Open podviaznikov opened 2 years ago

podviaznikov commented 2 years ago

This one is a follow up on https://github.com/transferwise/pipelinewise/issues/971 but a different case.

I was also tasting LOG_BASED replication and it works but it feels that it can be faster.

Eg I've set batch_size_rows to 100000 and I see in logs that to sync each batch of 100K take 1.5 minutes. Which looks a bit slow. I there any way to speed up this? (I did try fastsync_parallelism)

Samira-El commented 2 years ago

What do you wanna speed up exactly? There are many moving parts here.

podviaznikov commented 2 years ago

I think general speed. If I have more than 100K inserts/updates/deletes per 1.5 minute sync job will start to back up.

Samira-El commented 2 years ago

Just a disclaimer that there will always be a lag, this will not do real-time native replication unless you're willing to provision powerful machines or snowflake warehouses.

You need to investigate where you're bottleneck is, the replication is both CPU and IO-bound:

Is the tap processing inserts/updates/deletes events fast enough for your needs? if not then there is no config here to change, you have to bump the CPU of the machines on which Pipelinewise runs.

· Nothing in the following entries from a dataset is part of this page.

Lemma parent_None_not_target R x : parent R x = None -> ~ In x (map snd R).
Proof.
  induction R as [| [a b] R IH]; simpl; [auto |].
  destruct (Nat.eqb_spec b x); [discriminate |].
  intros H [E | E]; [congruence | exact (IH H E)].
Qed.

Lemma parent_of_edge R x p : NoDup (map snd R) -> In (p, x) R -> parent R x = Some p.
Proof.
  induction R as [| [a b] R IH]; simpl; [tauto |].
  intros ND [E | E]; inversion ND as [| ? ? Hb Hnd]; subst.
  - injection E as -> ->; rewrite Nat.eqb_refl; reflexivity.
  - destruct (Nat.eqb_spec b x) as [-> | _]; [| auto].
    exfalso; apply Hb, (in_map snd _ _ E).
Qed.

Lemma edge_index_unique (R : list (label * label)) i j p q x :
  NoDup (map snd R) -> nth_error R i = Some (p, x) -> nth_error R j = Some (q, x) -> i = j.
Proof.
  intros ND Hi Hj.
  apply (map_nth_error snd) in Hi, Hj.
  apply (proj1 (NoDup_nth_error _) ND).
  - apply nth_error_Some; rewrite Hi; discriminate.
  - rewrite Hi, Hj; reflexivity.
Qed.

(** Walks are determined backwards, since every label has at most one
    incoming atom. *)
Lemma walk_unique R a x es1 es2 : NoDup (map snd R) -> parent R a = None ->
  walk R a x es1 -> walk R a x es2 -> es1 = es2.
Proof.
  intros ND Ha; revert x es2.
  induction es1 as [| i es1 IH] using rev_ind; intros x es2 H1 H2;
    destruct es2 as [| j es2 _] using rev_ind; try reflexivity.
  - simpl in H1; subst x; apply walk_snoc_inv in H2 as [p [_ Hj]].
    apply nth_error_In, (parent_of_edge _ _ _ ND) in Hj; congruence.
  - simpl in H2; subst x; apply walk_snoc_inv in H1 as [p [_ Hi]].
    apply nth_error_In, (parent_of_edge _ _ _ ND) in Hi; congruence.
  - apply walk_snoc_inv in H1 as [p [Hp Hi]], H2 as [q [Hq Hj]].
    assert (i = j) as <- by (eapply edge_index_unique; eauto).
    rewrite Hi in Hj; injection Hj as <-; f_equal; eapply IH; eauto.
Qed.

But if it is fast but the Snowflake warehouse you're using is small or has other workloads running there then there might be queues in the warehouse and the batches are gonna take longer to flush and the pipeline would not be doing anything in the meantime, regardless of how fast the tap is at consuming change logs. If it's well provisioned, you could try smaller batch size or time-based batch flushing (check out the pipelinewise-target-snowflake Readme).

Tolsto commented 2 years ago

The main issue is that most of the CPU intensive operations for the log-based replication in both the tap and target components are single-threaded and cannot be easily scaled. Your only option there is to either use multiple replication slots with multiple instances of Pipelinewise each syncing different tables or use CPU cores with a higher clock speed or IPC. For better scalability we'd need process-based parallelism when processing the log in the tap and probably also for building the batches in the target. If the Snowflake operations slow you down then I'd suggest to use larger batch sizes as this will decrease your Snowflake overhead substantially. If memory management becomes a problem with larger batches have a look at this PR.

If you have hstore or array type columns in your tables then this problem here will also seriously slow you down.